_Your task_:
Please reproduce the data below exactly, from the first line through the line containing "blockInc s ->", and leave every later line out.

Content starts

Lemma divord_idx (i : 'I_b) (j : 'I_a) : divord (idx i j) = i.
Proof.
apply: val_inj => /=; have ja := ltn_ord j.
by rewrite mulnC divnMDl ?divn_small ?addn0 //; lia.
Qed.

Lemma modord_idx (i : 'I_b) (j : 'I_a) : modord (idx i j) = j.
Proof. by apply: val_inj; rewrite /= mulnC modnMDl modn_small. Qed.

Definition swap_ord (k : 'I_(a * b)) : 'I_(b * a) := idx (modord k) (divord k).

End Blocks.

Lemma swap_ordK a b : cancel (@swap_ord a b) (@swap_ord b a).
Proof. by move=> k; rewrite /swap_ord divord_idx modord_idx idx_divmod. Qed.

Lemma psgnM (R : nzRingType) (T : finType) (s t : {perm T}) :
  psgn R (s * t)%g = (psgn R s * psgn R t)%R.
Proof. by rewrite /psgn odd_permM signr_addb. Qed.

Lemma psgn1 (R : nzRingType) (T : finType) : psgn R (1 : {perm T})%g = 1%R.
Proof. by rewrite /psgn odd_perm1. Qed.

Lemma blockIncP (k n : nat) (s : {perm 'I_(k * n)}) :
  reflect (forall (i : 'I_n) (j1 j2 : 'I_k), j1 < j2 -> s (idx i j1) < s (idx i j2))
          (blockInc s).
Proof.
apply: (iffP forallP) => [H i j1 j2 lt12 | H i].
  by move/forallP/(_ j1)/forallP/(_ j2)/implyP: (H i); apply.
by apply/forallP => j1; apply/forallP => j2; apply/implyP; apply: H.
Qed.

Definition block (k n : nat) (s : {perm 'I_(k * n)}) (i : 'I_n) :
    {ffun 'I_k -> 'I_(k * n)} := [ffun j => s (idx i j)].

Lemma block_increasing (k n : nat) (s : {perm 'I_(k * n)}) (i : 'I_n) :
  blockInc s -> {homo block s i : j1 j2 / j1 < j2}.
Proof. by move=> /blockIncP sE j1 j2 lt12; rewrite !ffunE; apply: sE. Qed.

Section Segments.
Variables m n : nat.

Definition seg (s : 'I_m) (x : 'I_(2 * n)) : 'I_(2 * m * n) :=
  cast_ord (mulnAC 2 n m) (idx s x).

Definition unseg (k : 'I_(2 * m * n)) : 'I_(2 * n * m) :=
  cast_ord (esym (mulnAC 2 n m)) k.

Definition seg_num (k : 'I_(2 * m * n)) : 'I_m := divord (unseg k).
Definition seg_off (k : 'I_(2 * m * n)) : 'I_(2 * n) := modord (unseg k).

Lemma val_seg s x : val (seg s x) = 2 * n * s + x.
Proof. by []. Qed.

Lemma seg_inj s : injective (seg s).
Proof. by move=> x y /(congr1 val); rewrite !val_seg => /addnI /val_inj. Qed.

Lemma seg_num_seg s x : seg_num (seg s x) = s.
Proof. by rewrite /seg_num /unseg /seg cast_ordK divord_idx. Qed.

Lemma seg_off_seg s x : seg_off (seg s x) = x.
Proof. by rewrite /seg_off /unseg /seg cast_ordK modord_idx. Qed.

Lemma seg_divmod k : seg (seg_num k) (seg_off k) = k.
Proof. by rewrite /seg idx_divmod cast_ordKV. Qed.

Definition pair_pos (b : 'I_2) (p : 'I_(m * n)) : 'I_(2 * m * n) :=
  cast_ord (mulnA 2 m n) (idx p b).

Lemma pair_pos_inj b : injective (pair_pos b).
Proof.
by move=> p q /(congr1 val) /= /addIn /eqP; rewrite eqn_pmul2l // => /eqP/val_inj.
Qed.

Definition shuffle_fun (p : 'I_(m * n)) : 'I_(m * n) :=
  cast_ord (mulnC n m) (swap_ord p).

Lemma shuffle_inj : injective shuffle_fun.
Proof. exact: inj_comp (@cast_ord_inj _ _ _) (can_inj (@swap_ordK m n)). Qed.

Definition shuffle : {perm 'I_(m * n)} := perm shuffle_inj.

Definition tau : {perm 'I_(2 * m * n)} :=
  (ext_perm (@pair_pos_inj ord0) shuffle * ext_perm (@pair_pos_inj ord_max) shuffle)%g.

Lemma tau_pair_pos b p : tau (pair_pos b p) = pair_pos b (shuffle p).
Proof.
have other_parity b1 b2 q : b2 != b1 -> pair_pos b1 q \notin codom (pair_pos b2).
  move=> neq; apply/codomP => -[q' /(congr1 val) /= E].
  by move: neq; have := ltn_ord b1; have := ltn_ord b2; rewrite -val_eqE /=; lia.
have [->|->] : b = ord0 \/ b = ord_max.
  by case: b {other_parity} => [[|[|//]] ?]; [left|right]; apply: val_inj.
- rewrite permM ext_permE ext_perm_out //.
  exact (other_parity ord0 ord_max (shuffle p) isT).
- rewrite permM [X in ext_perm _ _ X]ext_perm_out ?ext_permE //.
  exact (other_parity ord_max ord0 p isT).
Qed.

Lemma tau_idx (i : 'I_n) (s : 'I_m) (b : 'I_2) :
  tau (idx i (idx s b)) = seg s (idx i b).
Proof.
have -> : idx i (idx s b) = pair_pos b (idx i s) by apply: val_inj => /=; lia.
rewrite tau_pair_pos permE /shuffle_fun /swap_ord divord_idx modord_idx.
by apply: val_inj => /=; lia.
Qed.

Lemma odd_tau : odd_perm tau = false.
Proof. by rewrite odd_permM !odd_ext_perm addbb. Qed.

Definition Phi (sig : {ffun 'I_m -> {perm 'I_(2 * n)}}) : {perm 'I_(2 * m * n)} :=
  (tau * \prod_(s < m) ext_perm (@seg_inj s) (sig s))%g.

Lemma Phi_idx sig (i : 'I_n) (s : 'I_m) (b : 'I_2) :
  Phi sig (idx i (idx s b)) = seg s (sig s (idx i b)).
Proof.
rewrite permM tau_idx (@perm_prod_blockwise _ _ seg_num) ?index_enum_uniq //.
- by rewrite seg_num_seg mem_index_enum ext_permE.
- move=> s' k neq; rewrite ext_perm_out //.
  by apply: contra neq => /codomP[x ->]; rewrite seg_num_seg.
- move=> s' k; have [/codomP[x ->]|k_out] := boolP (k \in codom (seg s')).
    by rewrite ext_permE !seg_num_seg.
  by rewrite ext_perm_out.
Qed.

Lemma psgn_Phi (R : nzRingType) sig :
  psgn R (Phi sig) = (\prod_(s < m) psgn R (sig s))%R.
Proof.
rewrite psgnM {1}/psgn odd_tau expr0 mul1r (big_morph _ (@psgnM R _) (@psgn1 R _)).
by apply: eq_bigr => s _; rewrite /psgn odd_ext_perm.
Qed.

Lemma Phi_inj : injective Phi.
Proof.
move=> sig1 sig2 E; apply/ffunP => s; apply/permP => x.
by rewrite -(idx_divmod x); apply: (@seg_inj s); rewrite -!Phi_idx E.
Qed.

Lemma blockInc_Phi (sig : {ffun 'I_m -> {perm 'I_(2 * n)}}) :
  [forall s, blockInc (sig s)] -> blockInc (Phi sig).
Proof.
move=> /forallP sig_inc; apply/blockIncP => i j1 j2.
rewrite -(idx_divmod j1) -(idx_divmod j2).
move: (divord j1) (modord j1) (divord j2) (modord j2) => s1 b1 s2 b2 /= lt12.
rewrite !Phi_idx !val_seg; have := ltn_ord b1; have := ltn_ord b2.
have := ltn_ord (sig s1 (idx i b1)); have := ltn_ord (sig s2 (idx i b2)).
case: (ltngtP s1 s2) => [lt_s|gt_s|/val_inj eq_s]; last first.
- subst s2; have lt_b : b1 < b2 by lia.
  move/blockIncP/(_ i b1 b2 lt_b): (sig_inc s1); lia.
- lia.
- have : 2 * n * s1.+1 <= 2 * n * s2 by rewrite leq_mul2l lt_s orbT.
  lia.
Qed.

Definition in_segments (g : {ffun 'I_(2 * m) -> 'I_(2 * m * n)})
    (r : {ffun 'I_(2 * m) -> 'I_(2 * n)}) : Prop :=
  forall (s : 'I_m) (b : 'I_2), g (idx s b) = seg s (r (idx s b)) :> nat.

Content ends

_Completed task_:
Lemma divord_idx (i : 'I_b) (j : 'I_a) : divord (idx i j) = i.
Proof.
apply: val_inj => /=; have ja := ltn_ord j.
by rewrite mulnC divnMDl ?divn_small ?addn0 //; lia.
Qed.

Lemma modord_idx (i : 'I_b) (j : 'I_a) : modord (idx i j) = j.
Proof. by apply: val_inj; rewrite /= mulnC modnMDl modn_small. Qed.

Definition swap_ord (k : 'I_(a * b)) : 'I_(b * a) := idx (modord k) (divord k).

End Blocks.

Lemma swap_ordK a b : cancel (@swap_ord a b) (@swap_ord b a).
Proof. by move=> k; rewrite /swap_ord divord_idx modord_idx idx_divmod. Qed.

Lemma psgnM (R : nzRingType) (T : finType) (s t : {perm T}) :
  psgn R (s * t)%g = (psgn R s * psgn R t)%R.
Proof. by rewrite /psgn odd_permM signr_addb. Qed.

Lemma psgn1 (R : nzRingType) (T : finType) : psgn R (1 : {perm T})%g = 1%R.
Proof. by rewrite /psgn odd_perm1. Qed.

Lemma blockIncP (k n : nat) (s : {perm 'I_(k * n)}) :
  reflect (forall (i : 'I_n) (j1 j2 : 'I_k), j1 < j2 -> s (idx i j1) < s (idx i j2))
          (blockInc s).
Proof.
apply: (iffP forallP) => [H i j1 j2 lt12 | H i].
  by move/forallP/(_ j1)/forallP/(_ j2)/implyP: (H i); apply.
by apply/forallP => j1; apply/forallP => j2; apply/implyP; apply: H.
Qed.

Definition block (k n : nat) (s : {perm 'I_(k * n)}) (i : 'I_n) :
    {ffun 'I_k -> 'I_(k * n)} := [ffun j => s (idx i j)].

Lemma block_increasing (k n : nat) (s : {perm 'I_(k * n)}) (i : 'I_n) :
  blockInc s -> {homo block s i : j1 j2 / j1 < j2}.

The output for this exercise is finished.